Safe-Graph data is used for this analysis and can be acquired here.

All data must be stored in ../safegraph-data/ and you will need to download the following two datasets.

The script update_safegraph_data.py is provided to help keep up to date with any new release of data from Safe-Graph. Running this file will use the AWS CLI profile set up during initial data download to see if any new data has been released and it will both parse and add those new days to the dataset.

A quick aside, the Open-Census-Data provided by Safe-Graph does not include a FIPS code for Oglala Lakota County, SD so you must edit the cbg_fips_codes.csv in the metadata for the census data. The entry should be as follows: state = SD, state_fips = 46, county_fips = 102, county = Oglala Lakota County, class_code = H1

Two additional datasets are required for mapping results, one county level shapefile that contains a FIPS column with county and state FIPS along with a state level shapefile that contains a FIPS column with only the state FIPS.

Usage

This should be the first script that is run, it checks that the user has downloaded the Safe-Graph data and has it in the current working space.
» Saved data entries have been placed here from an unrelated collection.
Lemma pow_diff_ge m a b : 0 <= a <= 1 -> 0 <= b <= 1 ->
  a ^ m * Rmin (INR m * Rabs (a - b)) 1 / 2 <= Rabs (a ^ m - b ^ m).
Proof.
  intros Ha Hb.
  assert (0 <= a ^ m) by (apply pow_le; lra).
  assert (0 <= Rmin (INR m * Rabs (a - b)) 1).
  { apply Rmin_glb; [apply Rmult_le_pos; [apply pos_INR | apply Rabs_pos] | lra]. }
  destruct (Rle_dec b a).
  - assert (b ^ m <= a ^ m) by (apply pow_incr; lra).
    rewrite !Rabs_pos_eq by lra.
    assert (b ^ m <= a ^ m * (1 - (a - b)) ^ m).
    { rewrite <- Rpow_mult_distr. apply pow_incr. split; nra. }
    pose proof (one_minus_pow_ge m (a - b) ltac:(lra)). nra.
  - assert (a ^ m <= b ^ m) by (apply pow_incr; lra).
    rewrite !Rabs_left1 by lra.
    assert (a ^ m * (1 + (b - a)) ^ m <= b ^ m).
    { rewrite <- Rpow_mult_distr. apply pow_incr. split; nra. }
    pose proof (bernoulli_ineq (b - a) m ltac:(lra)).
    pose proof (Rmin_l (INR m * - (a - b)) 1). nra.
Qed.

Lemma exp_INR_mul_ln x n : 0 < x -> exp (INR n * ln x) = x ^ n.
Proof. intros Hx. rewrite <- Rpower_pow by auto. reflexivity. Qed.

Lemma exp_pow x n : exp x ^ n = exp (INR n * x).
Proof. rewrite <- (ln_exp x) at 2. symmetry. apply exp_INR_mul_ln, exp_pos. Qed.

(* [a (3 - 2 a) >= 1] on [[1/2, 1]] and [(3 - 2 a)^m <= exp (2 m (1 - a)) <= exp 4 <= 3^4]. *)
Lemma pow_ge_inv_81 m a : 1 / 2 <= a <= 1 -> INR m * (1 - a) <= 2 -> / 81 <= a ^ m.
Proof.
  intros Ha Hm.
  assert (Hexp : (1 + 2 * (1 - a)) ^ m <= 81).
  { apply Rle_trans with (exp (2 * (1 - a)) ^ m).
    { apply pow_incr. split; [lra | apply exp_ineq1_le]. }
    rewrite exp_pow. apply Rle_trans with (exp 4).
    { destruct (Req_dec (INR m * (2 * (1 - a))) 4) as [-> | Hne]; [lra|].
      left. apply exp_increasing. lra. }
    replace 4 with (INR 4 * 1) by (simpl; ring). rewrite <- exp_pow.
    replace 81 with (3 ^ 4) by ring.
    apply pow_incr. split; [left; apply exp_pos | apply exp_le_3]. }
  assert (Hprod : 1 <= a ^ m * (1 + 2 * (1 - a)) ^ m).
  { rewrite <- Rpow_mult_distr.
    apply Rle_trans with (1 ^ m); [rewrite pow1; lra | apply pow_incr; split; nra]. }
  assert (0 <= a ^ m) by (apply pow_le; lra).
  nra.
Qed.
This script also calls two functions from utils.py, aggregate_stay_at_home_data and calculate_mobility_difference. The first of which aggregates the Safe-Graph data from Census Block Groups into county level for easier analysis. The second calculates the difference in non-home-dwell-time of 2020 compared to the average of 2019.

This script will perform a principal component analysis on the time-series outputs from the aggregated county level data and write the outputs to an output shapefile for mapping. Initially performs a PCA, then removes any counties that are outliers and performs a second PCA on the data without outliers. From there K-means and Hierarchical clustering are done on the resulting principal components. These clusters are also stored in the output shapefile.

This script is a naive approach to what PCA.py is attempting to do by describing the reduction in non-home-dwell-time by three simple values. A "pre-lockdown" period, "initial-lockdown" period, and a "post-lockdown" period are described for each county in the dataset and can be sampled and plotted or can be built upon.

These are all function that help to manipulate the datasets, wither through pre-processing or reading in the data for analysis.